Since my new series started, I've come under critical assault for daring to be different, for taking the risk of pursuing popularity, and for committing the journalistic sin of trying to bring important issues to the largest number of people. I feel no guilt and make no apology for committing those sins. We succeeded on all counts in the last run of the series. All broadcasters and journalists are finding new ways to tell the familiar stories. There is no longer an intellectual arrogance that insists that the traditional formats are the only way to do it. At the heart of our approach to making investigative programmes is the desire to show real events unfolding, which differs from making films that build a story using past events to show that someone is up to no good. Both approaches are journalistically valid.

Our report on the sex-slave trade in London and abuse by the Albanian mafia was harrowing. It could also be argued that it was a difficult watch, with subtitles and faces obscured to protect victims. Yet, against strong opposition from other channels – including the drama Bad Girls; Football Stories: the history of England vs Argentina; and Jordan's assets on BBC2, as well as all the digital channels – we more than held our own for BBC 1, taking a 20 per cent share of the peak-time 9pm audience. Despite the disturbing nature of the story, we did substantially better than traditional current-affairs programmes have recently done in that slot. The week before, we succeeded in bringing to BBC 1 what was essentially a foreign story, about the Burmese government's involvement in drug production and trafficking, and again we held our audience in the face of strong opposition.

Our first programme on mugging was part of a unique crime night for BBC 1, in the context of the Damilola trial's conclusion and the Prime Minister's statement that street crime was his priority. Lorraine Heggessey, BBC 1's controller, chose to run Panorama's report on the Damilola case and our report back-to-back in the prime-time 8-10pm slot. The Damilola documentary, brilliantly reported by Fergal Keane, pulled in 2.7 million viewers at 8pm. We inherited that audience at 9pm and built it up, with viewers increasing every 15 minutes to 4.7 million.

So the claims that MacIntyre Investigates has been a ratings disaster are as inaccurate as the misspelling of my name and the inaccurate naming of the first series. Nearly every single journalist who reported on the series called it "MacIntyre Uncovered". So it's certainly not a great surprise that they couldn't get the figures right. I don't mind taking criticism, but I would at least prefer it to be amusing – the saving grace of Private Eye, for instance.
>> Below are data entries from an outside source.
Definition ineq_col n (b : 'I_n -> rat) (beta : rat) : 'cV[rat]_(n + 1) :=
  col_mx (\col_j b j) (const_mx (- beta)).

Lemma hom_ineq_col n (x : {set 'I_n}) b beta :
  hom x *m ineq_col b beta = (\sum_(j in x) b j - beta)%:M.
Proof.
rewrite mul_row_col; apply/matrixP => i j; rewrite !ord1 !mxE big_ord1 !mxE mul1r.
congr (_ + _); rewrite [RHS]big_mkcond; apply: eq_bigr => l _; rewrite !mxE.
by case: (l \in x); rewrite ?mul1r ?mul0r.
Qed.

Lemma hom_neq0 n (x : {set 'I_n}) : hom x != 0.
Proof.
apply/eqP => /(congr1 (fun M : 'rV[rat]_(n + 1) => M 0 (rshift n ord0))).
by rewrite row_mxEr !mxE => /eqP; rewrite oner_eq0.
Qed.

Lemma hom_sub_span n (P : pred {set 'I_n}) (x : {set 'I_n}) :
  P x -> (hom x <= \sum_(y | P y) genmx (hom y))%MS.
Proof. by move=> Px; apply: (sumsmx_sup x) => //; rewrite genmxE. Qed.

Lemma span_mul_col0 n (P : pred {set 'I_n}) (f : 'cV[rat]_(n + 1)) :
  (forall x, P x -> hom x *m f = 0) -> (\sum_(x | P x) genmx (hom x))%MS *m f = 0.
Proof.
move=> h; apply/sub_kermxP; apply/sumsmx_subP => x Px.
by rewrite genmxE; apply/sub_kermxP; apply: h.
Qed.

(* The unit vectors are differences hom [set: _] - hom ([set: _] :\ j), and the last
   one is hom [set: _] minus their sum. *)
Lemma rank_Q_full n k : (1 < k)%N -> (k <= n)%N -> rank_Q n k = (n + 1)%N.
Proof.
move=> k2 kn; rewrite /rank_Q; set R := (\sum_(y | _) _)%MS.
have homR x : cover k x -> (hom x <= R)%MS by apply: hom_sub_span.
have cT : cover k [set: 'I_n] by apply: cover_setT; apply: ltnW.
have eL (j : 'I_n) : (('e_(lshift 1 j) : 'rV_(n + 1)) <= R)%MS.
  have -> : ('e_(lshift 1 j) : 'rV_(n + 1)) = hom [set: 'I_n] - hom ([set: 'I_n] :\ j).
    apply/rowP => l; rewrite !mxE; case: (split_ordP l) => l' ->.
      rewrite !mxE eq_lshift !inE andbT.
      by case: (l' == j); rewrite ?subr0 ?subrr.
    by rewrite !mxE eq_rlshift subrr.
  by rewrite addmx_sub ?eqmx_opp ?homR ?cover_setTD1.
have eR : (('e_(rshift n ord0) : 'rV_(n + 1)) <= R)%MS.
  have -> : ('e_(rshift n ord0) : 'rV_(n + 1))
      = hom [set: 'I_n] - \sum_(j < n) 'e_(lshift 1 j).
    apply/rowP => l; rewrite !mxE summxE; case: (split_ordP l) => l' ->.
      rewrite ?row_mxEl !mxE eq_lrshift in_setT (bigD1 l') //= big1 ?mxE.
        by rewrite !eqxx addr0 subrr.
      by move=> j hj; rewrite !mxE eq_lshift eq_sym (negbTE hj).
    rewrite ?row_mxEr !mxE eq_rshift ord1 big1 ?subr0 // => j _.
    by rewrite !mxE eq_rlshift.
  by rewrite addmx_sub ?eqmx_opp ?homR //; apply: summx_sub => j _.
have R1 : ((1%:M : 'M[rat]_(n + 1)) <= R)%MS.
  apply/row_subP => i; rewrite row1; case: (split_ordP i) => i' ->; first exact: eL.
  by rewrite ord1.
by apply/eqP; rewrite eqn_leq rank_leq_col -{1}(mxrank1 rat (n + 1)) mxrankS.
Qed.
Never before has there been such a range and diversity in the field of investigative journalism – from Mark Thomas to Dispatches on Channel 4, from Panorama to Correspondent on BBC 1. The standards and quality continue to improve, year on year. Reflecting on apparent golden ages of journalism is easy in retrospect. But when you review the material of past decades, it is clear that the current produce, from newsgathering to current affairs and documentaries, is holding its own and, in many cases, surpassing the produce of yesteryear.